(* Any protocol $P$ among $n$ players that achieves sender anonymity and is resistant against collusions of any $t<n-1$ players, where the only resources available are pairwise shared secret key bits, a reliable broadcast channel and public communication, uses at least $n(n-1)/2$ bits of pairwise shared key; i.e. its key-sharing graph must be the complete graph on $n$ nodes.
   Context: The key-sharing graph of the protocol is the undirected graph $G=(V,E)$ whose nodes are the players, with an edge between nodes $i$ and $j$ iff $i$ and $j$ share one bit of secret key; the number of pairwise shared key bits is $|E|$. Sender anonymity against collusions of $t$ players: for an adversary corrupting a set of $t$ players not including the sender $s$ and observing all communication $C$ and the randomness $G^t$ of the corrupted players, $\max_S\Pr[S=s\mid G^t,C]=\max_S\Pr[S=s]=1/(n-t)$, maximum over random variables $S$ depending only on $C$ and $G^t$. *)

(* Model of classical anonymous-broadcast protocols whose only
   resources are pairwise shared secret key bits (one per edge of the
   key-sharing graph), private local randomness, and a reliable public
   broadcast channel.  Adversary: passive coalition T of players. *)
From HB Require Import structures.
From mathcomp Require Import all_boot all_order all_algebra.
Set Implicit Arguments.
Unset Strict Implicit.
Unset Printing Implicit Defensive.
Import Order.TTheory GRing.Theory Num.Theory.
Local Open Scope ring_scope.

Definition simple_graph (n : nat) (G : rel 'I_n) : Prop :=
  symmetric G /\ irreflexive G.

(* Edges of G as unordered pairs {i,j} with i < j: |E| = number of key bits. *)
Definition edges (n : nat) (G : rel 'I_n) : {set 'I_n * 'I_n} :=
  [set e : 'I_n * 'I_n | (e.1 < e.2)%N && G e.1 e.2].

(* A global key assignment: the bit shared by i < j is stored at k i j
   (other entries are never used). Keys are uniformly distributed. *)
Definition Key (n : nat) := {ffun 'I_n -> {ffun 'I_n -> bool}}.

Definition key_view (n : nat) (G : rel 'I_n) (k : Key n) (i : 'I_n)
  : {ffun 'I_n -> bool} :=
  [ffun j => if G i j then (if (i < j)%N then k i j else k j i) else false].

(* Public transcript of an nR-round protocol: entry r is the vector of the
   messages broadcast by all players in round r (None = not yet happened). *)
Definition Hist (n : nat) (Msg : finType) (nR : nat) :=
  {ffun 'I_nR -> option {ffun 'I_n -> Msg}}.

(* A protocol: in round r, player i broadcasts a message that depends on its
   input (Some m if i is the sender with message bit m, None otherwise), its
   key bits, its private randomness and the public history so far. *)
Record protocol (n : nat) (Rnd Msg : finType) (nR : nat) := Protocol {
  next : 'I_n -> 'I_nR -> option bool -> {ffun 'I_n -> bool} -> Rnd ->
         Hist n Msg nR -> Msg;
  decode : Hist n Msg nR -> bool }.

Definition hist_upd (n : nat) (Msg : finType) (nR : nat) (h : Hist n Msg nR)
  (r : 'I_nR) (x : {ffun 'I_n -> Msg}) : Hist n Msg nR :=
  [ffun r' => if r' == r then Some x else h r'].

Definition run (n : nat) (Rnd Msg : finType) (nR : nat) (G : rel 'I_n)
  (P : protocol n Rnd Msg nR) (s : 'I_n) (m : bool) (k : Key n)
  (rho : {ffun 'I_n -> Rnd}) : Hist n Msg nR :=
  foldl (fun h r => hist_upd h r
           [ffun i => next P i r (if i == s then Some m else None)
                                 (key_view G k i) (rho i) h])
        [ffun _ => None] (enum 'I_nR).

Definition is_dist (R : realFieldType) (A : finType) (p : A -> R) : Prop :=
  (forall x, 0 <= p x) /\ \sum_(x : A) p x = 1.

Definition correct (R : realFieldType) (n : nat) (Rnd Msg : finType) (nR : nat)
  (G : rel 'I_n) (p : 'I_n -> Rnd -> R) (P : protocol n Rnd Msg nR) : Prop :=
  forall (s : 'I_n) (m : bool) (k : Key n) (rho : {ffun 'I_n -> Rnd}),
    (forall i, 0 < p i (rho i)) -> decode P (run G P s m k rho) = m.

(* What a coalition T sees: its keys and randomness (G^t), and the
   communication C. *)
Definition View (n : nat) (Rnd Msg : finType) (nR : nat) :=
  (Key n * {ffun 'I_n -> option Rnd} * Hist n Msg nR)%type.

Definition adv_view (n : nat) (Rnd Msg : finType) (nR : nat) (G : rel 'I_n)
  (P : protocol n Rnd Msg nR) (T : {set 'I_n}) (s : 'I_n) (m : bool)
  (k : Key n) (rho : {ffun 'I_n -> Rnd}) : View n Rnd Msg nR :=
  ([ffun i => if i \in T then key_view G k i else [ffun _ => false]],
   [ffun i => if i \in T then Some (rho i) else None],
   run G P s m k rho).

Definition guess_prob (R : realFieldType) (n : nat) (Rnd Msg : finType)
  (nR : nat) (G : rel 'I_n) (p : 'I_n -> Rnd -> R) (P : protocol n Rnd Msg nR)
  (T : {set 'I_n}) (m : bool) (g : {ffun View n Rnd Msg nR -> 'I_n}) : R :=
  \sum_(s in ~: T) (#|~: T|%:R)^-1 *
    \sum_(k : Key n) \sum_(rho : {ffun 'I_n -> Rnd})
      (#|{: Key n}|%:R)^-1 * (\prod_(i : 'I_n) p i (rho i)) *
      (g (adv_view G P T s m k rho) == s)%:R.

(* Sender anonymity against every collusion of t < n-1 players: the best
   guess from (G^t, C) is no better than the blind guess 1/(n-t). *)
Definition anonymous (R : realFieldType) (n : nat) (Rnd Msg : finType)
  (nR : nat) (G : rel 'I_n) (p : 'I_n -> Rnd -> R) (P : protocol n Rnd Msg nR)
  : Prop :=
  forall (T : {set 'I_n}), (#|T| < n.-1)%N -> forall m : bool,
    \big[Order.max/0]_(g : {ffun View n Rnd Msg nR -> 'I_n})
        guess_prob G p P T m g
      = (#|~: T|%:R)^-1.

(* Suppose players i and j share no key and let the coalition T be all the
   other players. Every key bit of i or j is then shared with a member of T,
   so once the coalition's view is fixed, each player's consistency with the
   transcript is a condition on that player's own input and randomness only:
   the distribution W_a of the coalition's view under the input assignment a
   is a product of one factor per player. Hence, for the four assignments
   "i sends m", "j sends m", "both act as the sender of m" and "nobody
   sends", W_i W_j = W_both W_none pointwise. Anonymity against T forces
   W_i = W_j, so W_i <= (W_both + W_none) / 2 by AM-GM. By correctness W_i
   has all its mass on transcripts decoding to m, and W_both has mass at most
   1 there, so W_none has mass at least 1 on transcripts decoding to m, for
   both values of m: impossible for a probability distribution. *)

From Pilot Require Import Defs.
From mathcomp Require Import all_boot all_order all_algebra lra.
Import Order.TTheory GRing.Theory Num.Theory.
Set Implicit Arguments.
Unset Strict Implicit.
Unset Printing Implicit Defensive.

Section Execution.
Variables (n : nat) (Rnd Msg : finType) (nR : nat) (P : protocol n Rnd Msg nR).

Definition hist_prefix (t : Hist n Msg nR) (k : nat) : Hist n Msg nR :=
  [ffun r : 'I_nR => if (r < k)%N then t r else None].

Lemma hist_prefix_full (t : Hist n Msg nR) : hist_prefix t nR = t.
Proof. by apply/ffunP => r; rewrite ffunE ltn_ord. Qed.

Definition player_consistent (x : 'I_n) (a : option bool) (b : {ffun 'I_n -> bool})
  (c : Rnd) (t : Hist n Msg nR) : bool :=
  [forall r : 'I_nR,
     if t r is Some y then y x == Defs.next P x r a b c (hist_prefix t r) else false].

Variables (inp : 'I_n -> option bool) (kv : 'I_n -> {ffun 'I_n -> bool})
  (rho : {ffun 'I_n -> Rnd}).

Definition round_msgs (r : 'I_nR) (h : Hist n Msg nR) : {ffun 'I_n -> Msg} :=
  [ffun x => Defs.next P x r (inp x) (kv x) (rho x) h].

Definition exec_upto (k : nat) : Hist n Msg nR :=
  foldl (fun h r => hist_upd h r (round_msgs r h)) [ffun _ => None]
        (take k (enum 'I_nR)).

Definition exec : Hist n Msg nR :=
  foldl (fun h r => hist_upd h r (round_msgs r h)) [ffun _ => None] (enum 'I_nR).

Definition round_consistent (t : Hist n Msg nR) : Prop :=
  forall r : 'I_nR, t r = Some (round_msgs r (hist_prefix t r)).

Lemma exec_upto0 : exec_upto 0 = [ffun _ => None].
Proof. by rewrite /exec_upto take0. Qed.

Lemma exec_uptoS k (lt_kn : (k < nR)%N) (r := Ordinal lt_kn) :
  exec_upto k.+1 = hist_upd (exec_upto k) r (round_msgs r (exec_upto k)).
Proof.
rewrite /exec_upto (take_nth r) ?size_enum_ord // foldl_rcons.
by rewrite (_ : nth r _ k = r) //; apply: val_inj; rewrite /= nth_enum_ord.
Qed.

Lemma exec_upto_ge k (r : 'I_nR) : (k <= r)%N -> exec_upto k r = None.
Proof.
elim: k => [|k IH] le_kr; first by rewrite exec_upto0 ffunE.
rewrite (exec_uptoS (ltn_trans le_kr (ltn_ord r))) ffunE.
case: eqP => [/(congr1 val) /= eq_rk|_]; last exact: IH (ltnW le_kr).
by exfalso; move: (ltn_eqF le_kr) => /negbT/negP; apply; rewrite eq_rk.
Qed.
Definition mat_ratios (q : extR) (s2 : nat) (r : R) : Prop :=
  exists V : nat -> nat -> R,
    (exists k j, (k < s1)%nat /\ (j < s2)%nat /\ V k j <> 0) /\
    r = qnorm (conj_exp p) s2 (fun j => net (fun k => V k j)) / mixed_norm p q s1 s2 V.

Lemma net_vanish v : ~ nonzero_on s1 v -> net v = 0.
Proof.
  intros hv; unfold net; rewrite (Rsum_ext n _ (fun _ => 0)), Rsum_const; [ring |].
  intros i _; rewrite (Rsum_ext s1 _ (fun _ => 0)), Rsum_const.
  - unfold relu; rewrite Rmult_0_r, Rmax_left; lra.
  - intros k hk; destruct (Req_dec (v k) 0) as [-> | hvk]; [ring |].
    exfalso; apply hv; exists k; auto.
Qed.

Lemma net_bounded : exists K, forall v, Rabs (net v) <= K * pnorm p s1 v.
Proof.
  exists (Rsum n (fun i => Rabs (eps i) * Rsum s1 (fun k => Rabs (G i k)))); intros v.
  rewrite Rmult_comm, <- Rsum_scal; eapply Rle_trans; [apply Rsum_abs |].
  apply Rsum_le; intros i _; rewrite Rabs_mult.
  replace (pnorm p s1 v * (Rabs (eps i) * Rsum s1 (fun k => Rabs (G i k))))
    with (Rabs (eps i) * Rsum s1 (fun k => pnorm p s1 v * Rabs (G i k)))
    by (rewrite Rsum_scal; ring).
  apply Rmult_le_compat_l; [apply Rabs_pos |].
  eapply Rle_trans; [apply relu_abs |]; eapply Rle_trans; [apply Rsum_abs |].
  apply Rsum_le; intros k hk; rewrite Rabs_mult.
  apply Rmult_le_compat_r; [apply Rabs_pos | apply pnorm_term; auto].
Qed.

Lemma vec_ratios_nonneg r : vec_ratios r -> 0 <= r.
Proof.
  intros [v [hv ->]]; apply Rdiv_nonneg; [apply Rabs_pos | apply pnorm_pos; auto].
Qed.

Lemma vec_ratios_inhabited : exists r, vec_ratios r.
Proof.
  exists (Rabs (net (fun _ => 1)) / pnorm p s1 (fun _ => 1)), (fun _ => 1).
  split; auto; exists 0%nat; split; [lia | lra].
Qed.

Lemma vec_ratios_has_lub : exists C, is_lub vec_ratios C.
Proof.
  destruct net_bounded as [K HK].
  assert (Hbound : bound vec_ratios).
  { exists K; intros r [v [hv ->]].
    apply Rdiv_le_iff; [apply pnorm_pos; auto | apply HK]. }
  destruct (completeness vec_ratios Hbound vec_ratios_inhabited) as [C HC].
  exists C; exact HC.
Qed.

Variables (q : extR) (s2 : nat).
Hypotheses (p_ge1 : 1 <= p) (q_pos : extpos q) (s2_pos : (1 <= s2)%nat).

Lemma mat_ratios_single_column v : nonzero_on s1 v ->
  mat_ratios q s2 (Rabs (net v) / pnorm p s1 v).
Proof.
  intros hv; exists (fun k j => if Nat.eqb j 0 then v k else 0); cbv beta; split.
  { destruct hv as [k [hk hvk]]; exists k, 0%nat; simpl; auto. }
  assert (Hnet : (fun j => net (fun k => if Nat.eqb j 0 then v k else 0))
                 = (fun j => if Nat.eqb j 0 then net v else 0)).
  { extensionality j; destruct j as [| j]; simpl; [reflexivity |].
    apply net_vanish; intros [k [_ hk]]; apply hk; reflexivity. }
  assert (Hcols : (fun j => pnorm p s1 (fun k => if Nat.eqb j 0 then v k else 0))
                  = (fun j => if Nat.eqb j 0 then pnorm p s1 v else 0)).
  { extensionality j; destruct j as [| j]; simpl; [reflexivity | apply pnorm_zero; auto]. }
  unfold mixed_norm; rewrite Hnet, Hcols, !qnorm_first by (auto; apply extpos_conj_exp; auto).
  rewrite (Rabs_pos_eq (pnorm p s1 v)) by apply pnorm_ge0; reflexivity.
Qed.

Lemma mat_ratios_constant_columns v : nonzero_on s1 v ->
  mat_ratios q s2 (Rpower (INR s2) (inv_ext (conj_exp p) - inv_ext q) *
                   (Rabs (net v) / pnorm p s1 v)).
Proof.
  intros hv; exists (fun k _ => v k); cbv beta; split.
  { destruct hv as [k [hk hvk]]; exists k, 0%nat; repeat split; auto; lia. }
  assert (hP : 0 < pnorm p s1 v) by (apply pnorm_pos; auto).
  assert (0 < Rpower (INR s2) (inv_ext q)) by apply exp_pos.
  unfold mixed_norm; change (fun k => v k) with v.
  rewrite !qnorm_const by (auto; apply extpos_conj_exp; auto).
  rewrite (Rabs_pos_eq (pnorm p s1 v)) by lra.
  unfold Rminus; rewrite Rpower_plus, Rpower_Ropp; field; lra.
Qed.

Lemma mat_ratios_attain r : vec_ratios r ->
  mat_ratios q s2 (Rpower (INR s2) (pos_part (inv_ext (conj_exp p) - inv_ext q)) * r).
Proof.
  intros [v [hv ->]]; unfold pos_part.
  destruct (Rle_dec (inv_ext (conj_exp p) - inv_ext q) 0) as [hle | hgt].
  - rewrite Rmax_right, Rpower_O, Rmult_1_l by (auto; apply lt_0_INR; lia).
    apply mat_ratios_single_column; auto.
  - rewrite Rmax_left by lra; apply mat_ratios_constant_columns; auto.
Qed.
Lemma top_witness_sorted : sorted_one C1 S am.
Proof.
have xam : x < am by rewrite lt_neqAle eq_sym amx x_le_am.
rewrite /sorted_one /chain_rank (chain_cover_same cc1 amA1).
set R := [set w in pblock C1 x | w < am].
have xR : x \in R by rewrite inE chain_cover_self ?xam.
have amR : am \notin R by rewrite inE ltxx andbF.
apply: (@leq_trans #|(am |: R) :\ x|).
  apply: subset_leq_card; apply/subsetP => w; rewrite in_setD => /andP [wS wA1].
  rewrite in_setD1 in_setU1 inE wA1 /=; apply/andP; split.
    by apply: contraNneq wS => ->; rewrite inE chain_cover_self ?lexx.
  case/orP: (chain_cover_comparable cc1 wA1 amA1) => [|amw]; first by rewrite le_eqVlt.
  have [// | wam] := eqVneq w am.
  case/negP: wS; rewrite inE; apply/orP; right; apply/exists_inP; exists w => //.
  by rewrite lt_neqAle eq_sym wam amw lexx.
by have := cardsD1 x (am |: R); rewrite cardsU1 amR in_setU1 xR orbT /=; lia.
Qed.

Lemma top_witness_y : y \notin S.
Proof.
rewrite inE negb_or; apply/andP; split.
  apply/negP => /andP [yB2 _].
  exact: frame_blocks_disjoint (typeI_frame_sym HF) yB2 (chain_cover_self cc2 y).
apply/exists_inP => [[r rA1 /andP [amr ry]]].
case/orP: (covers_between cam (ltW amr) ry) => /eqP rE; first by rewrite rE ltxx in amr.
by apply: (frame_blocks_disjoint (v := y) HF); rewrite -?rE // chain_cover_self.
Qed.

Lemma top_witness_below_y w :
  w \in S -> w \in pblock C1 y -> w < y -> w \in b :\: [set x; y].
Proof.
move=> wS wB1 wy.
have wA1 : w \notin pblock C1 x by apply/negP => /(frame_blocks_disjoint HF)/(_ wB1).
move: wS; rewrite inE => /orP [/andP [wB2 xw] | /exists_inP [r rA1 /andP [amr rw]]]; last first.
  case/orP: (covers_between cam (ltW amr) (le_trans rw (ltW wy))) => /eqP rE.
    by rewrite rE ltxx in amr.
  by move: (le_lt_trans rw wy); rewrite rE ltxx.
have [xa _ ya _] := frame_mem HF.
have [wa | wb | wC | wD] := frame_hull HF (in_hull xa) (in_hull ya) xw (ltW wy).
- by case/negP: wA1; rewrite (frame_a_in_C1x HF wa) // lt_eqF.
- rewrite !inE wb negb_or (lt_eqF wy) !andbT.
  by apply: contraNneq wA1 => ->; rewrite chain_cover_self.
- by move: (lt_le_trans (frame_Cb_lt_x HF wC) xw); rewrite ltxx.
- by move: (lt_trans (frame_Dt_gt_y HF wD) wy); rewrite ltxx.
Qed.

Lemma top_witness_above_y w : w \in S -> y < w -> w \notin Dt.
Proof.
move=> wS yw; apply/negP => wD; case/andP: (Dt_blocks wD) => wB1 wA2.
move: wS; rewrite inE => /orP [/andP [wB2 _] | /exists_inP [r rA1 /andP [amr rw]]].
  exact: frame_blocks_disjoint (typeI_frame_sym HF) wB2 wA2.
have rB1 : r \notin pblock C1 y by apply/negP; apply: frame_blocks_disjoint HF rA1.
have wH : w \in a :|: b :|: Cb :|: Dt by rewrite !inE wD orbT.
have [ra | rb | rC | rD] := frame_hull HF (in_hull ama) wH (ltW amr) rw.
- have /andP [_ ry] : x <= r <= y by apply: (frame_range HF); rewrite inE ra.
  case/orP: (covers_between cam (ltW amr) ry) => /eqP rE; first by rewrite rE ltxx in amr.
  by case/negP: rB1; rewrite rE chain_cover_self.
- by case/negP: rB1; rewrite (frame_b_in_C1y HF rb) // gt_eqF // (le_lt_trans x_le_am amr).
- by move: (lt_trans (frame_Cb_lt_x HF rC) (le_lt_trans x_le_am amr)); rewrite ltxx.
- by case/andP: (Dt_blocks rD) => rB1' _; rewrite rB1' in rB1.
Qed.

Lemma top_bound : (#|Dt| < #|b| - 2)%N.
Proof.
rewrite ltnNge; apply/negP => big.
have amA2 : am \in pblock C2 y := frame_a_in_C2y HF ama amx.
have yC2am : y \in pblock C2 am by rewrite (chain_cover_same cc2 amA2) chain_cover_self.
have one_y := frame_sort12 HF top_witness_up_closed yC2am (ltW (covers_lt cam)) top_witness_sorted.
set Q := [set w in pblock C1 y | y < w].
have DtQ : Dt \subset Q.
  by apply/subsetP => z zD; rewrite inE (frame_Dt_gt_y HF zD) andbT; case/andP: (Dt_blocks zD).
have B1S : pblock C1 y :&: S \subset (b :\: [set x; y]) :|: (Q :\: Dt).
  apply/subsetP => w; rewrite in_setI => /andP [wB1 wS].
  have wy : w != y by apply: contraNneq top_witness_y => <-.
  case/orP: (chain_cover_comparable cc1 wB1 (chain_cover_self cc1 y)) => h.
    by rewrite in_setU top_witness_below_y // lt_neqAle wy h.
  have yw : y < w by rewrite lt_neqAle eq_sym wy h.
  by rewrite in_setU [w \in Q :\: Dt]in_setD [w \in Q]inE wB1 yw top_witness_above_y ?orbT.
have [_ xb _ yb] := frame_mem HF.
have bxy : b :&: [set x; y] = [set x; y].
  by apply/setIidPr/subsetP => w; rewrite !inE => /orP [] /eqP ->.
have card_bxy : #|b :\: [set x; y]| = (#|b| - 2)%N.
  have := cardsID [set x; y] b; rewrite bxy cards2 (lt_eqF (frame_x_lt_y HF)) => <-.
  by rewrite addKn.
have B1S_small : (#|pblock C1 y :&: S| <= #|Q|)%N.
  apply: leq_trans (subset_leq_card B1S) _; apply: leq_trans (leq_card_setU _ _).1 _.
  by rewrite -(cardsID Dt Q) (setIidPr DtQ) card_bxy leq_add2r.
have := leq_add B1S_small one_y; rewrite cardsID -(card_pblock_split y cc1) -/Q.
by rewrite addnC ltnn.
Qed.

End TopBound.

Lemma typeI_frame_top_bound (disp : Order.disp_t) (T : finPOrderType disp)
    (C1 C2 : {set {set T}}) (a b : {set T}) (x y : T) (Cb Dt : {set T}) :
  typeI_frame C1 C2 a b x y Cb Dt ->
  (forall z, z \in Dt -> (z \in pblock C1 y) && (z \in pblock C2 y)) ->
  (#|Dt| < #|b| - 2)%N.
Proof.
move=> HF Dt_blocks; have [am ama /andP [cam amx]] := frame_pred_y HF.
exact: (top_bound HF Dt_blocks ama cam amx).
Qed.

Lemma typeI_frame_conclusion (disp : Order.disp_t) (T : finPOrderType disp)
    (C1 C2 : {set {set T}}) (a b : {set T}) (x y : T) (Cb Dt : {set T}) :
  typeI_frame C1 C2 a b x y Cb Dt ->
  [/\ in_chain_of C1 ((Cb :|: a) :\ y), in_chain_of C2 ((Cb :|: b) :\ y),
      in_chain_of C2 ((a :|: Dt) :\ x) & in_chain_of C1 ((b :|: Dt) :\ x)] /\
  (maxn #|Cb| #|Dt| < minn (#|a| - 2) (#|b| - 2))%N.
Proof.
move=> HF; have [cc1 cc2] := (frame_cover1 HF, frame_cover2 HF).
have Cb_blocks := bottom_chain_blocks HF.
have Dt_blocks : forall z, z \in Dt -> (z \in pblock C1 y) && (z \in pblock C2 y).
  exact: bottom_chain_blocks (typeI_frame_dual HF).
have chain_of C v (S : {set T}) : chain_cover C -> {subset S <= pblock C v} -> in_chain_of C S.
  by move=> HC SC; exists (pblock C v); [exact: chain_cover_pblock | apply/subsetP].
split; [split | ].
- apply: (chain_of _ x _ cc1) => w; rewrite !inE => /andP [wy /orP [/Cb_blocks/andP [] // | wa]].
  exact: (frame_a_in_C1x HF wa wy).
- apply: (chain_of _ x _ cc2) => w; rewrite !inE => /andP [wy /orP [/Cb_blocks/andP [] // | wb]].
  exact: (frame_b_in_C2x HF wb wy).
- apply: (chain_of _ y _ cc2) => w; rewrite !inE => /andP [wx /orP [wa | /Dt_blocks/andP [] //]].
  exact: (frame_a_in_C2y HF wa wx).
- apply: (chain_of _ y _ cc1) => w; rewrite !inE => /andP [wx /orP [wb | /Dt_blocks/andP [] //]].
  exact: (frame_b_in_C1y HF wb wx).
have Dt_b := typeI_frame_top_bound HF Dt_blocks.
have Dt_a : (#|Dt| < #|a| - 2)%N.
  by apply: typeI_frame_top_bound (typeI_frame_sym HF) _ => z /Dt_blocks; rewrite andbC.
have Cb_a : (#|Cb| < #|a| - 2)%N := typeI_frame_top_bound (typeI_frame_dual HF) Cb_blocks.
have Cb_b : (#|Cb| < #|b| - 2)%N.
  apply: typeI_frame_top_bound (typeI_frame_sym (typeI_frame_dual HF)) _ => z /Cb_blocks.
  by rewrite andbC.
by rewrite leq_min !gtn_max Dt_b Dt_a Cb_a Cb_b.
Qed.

_ _ _ _ _ _ _

Beginning with the line holding "rewrite /exec_upto (take_nth" and ending with the line holding "elim: k => [|k", write out the stretch of material above exactly; add no further lines.

rewrite /exec_upto (take_nth r) ?size_enum_ord // foldl_rcons.
by rewrite (_ : nth r _ k = r) //; apply: val_inj; rewrite /= nth_enum_ord.
Qed.

Lemma exec_upto_ge k (r : 'I_nR) : (k <= r)%N -> exec_upto k r = None.
Proof.
elim: k => [|k IH] le_kr; first by rewrite exec_upto0 ffunE.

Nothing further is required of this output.